Gene therapy involves the transfer and stable insertion of new genetic information into cells. The present invention is directed to safe vectors for gene therapy and thus provides hybrid parvovirus vectors which are capable of site-specific integration into a mammalian chromosome without substantial cytotoxicity, and which direct erythroid cell-specific expression of heterologous genes. The hybrid vector is useful in gene therapy, particularly in the treatment of hemoglobinopathies and other hematopoietic diseases, and in conferring cell-specific multidrug resistance. A method of delivery of constitutive levels of a pharmaceutical product and a method of producing a recombinant protein are also provided.
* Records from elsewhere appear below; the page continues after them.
Lemma pi_qact a : {morph \pi_quot : x / act a x >-> qact a x}.
Proof.
move=> x; unlock qact; apply/quot_eqP; rewrite -actN -actDr.
exact/(submodA K_sub)/quot_repr.
Qed.

Canonical pi_qadd_morph := PiMorph2 pi_qadd.
Canonical pi_qopp_morph := PiMorph1 pi_qopp.
Canonical pi_qscale_morph k := PiMorph1 (pi_qscale k).
Canonical pi_qact_morph a := PiMorph1 (pi_qact a).

Lemma qaddA : associative qadd.
Proof. by do 3!elim/quotW=> ?; rewrite !piE addrA. Qed.

Lemma qaddC : commutative qadd.
Proof. by do 2!elim/quotW=> ?; rewrite !piE addrC. Qed.

Lemma qadd0 : left_id (\pi_quot 0) qadd.
Proof. by elim/quotW=> ?; rewrite !piE add0r. Qed.

Lemma qaddN : left_inverse (\pi_quot 0) qopp qadd.
Proof. by elim/quotW=> ?; rewrite !piE addNr. Qed.

HB.instance Definition _ := GRing.isZmodule.Build quot qaddA qaddC qadd0 qaddN.

Lemma qscaleA k l : forall p, qscale k (qscale l p) = qscale (k * l) p.
Proof. by elim/quotW=> ?; rewrite !piE scalerA. Qed.

Lemma qscale1 : left_id 1 qscale.
Proof. by elim/quotW=> ?; rewrite !piE scale1r. Qed.

Lemma qscaleDr : right_distributive qscale +%R.
Proof. by move=> k; do 2!elim/quotW=> ?; rewrite !piE scalerDr. Qed.

Lemma qscaleDl p : {morph qscale^~ p : k l / k + l}.
Proof. by move=> k l; elim/quotW: p => ?; rewrite !piE scalerDl. Qed.

HB.instance Definition _ :=
  GRing.Zmodule_isLmodule.Build C quot qscaleA qscale1 qscaleDr qscaleDl.

Lemma quot_piD x y : \pi_quot (x + y) = \pi_quot x + \pi_quot y.
Proof. exact: pi_qadd. Qed.

Lemma quot_piZ k x : \pi_quot (k *: x) = k *: \pi_quot x.
Proof. exact: pi_qscale. Qed.

Lemma qactDl a b p : qact (a + b) p = qact a p + qact b p.
Proof. by elim/quotW: p => x; rewrite -!pi_qact actDl quot_piD. Qed.

Lemma qactDr a p q : qact a (p + q) = qact a p + qact a q.
Proof.
by elim/quotW: p => x; elim/quotW: q => y; rewrite -quot_piD -!pi_qact actDr quot_piD.
Qed.

Lemma qactZl k a p : qact (k *: a) p = k *: qact a p.
Proof. by elim/quotW: p => x; rewrite -!pi_qact actZl quot_piZ. Qed.

Lemma qactZr k a p : qact a (k *: p) = k *: qact a p.
Proof. by elim/quotW: p => x; rewrite -quot_piZ -!pi_qact actZr quot_piZ. Qed.

Lemma qactA a b p : qact (amul a b) p = qact a (qact b p).
Proof. by elim/quotW: p => x; rewrite -!pi_qact actA. Qed.

Definition quot_mod : lmodule A := LModule qactDl qactDr qactZl qactZr qactA.

Definition quot_pi : N -> quot_mod := \pi_quot.

Lemma quot_pi_hom : is_hom quot_pi.
Proof. by (split; [|split]) => *; rewrite /quot_pi ?quot_piD ?quot_piZ ?pi_qact. Qed.

Lemma quot_pi_surj : surj quot_pi.
Proof. by move=> q; exists (repr q); apply: reprK. Qed.

Lemma quot_pi_eq0 x : quot_pi x = 0 <-> K x.
Proof. by rewrite -[0]/(\pi_quot 0) quot_eqP subr0. Qed.

End Quotient.

Arguments quot_pi_surj [A N K] K_sub.

Section DirectSum.
Variables (A : nualg) (M : lmodule A).

Definition dsum_delta n (i : 'I_n) (m : M) : dsum M n :=
  [ffun j => if j == i then m else 0].

Definition dsum_reindex n k (sigma : 'I_n -> 'I_k) (w : dsum M k) : dsum M n :=
  [ffun i => w (sigma i)].

Lemma dsum_delta_hom n (i : 'I_n) : is_hom (dsum_delta i).
Proof.
(split; [|split]) => [x y|k x|a x]; apply/ffunP => j; rewrite !ffunE /=;
  by case: eqP; rewrite ?addr0 ?scaler0 ?act0.
Qed.

Lemma dsum_reindex_hom n k (sigma : 'I_n -> 'I_k) : is_hom (dsum_reindex sigma).
Proof. by (split; [|split]) => *; apply/ffunP => i; rewrite !ffunE. Qed.

Lemma dsum_eval_hom n (i : 'I_n) : is_hom (fun w : dsum M n => w i).
Proof. by (split; [|split]) => *; rewrite ffunE. Qed.

Lemma dsum_sum_delta n (w : dsum M n) : w = \sum_i dsum_delta i (w i).
Proof.
apply/ffunP => j; rewrite sum_ffunE (bigD1 j) //= big1 => [|i /negPf ij].
  by rewrite ffunE eqxx addr0.
by rewrite ffunE eq_sym ij.
Qed.

Lemma dsum_surj_irreducible (N : lmodule A) n (f : dsum M n -> N) :
  is_hom f -> surj f -> irreducible N -> exists i, surj (f \o dsum_delta i).
Proof.
move=> fh fsurj [[y y_neq0] N_irr]; apply: contrapT => no_surj; apply: y_neq0.
have [w <-] := fsurj y; rewrite (dsum_sum_delta w) (hom_sum fh) big1 // => i _.
have fi_hom := hom_comp (dsum_delta_hom i) fh.
have [range0|range_full] := N_irr _ (range_submodule fi_hom).
  by apply: range0; exists (w i).
by case: no_surj; exists i => z; have [m _ <-] := range_full z; exists m.
Qed.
La thérapie génétique implique le transfert et l'insertion stable d'informations génétiques nouvelles dans des cellules. L'invention concerne des vecteurs inoffensifs de thérapie génétique et fournit ainsi des vecteurs parvoviraux hybrides capables de s'intégrer dans des sites spécifiques d'un chromosome d'un mammifère sans aucune cytotoxicité significative et de diriger l'expression de gènes hétérologues spécifiques à des cellules érythroïdes. Ce vecteur hybride est utile en thérapie génétique, notamment pour traiter des hémoglobinopathies et d'autres maladies hématopoïétiques, et pour octroyer à des cellules spécifiques une résistance à des médicaments multiples. L'invention concerne en outre un procédé d'administration de niveaux constitutifs d'un produit pharmaceutique et un procédé de production d'une protéine de recombinaison.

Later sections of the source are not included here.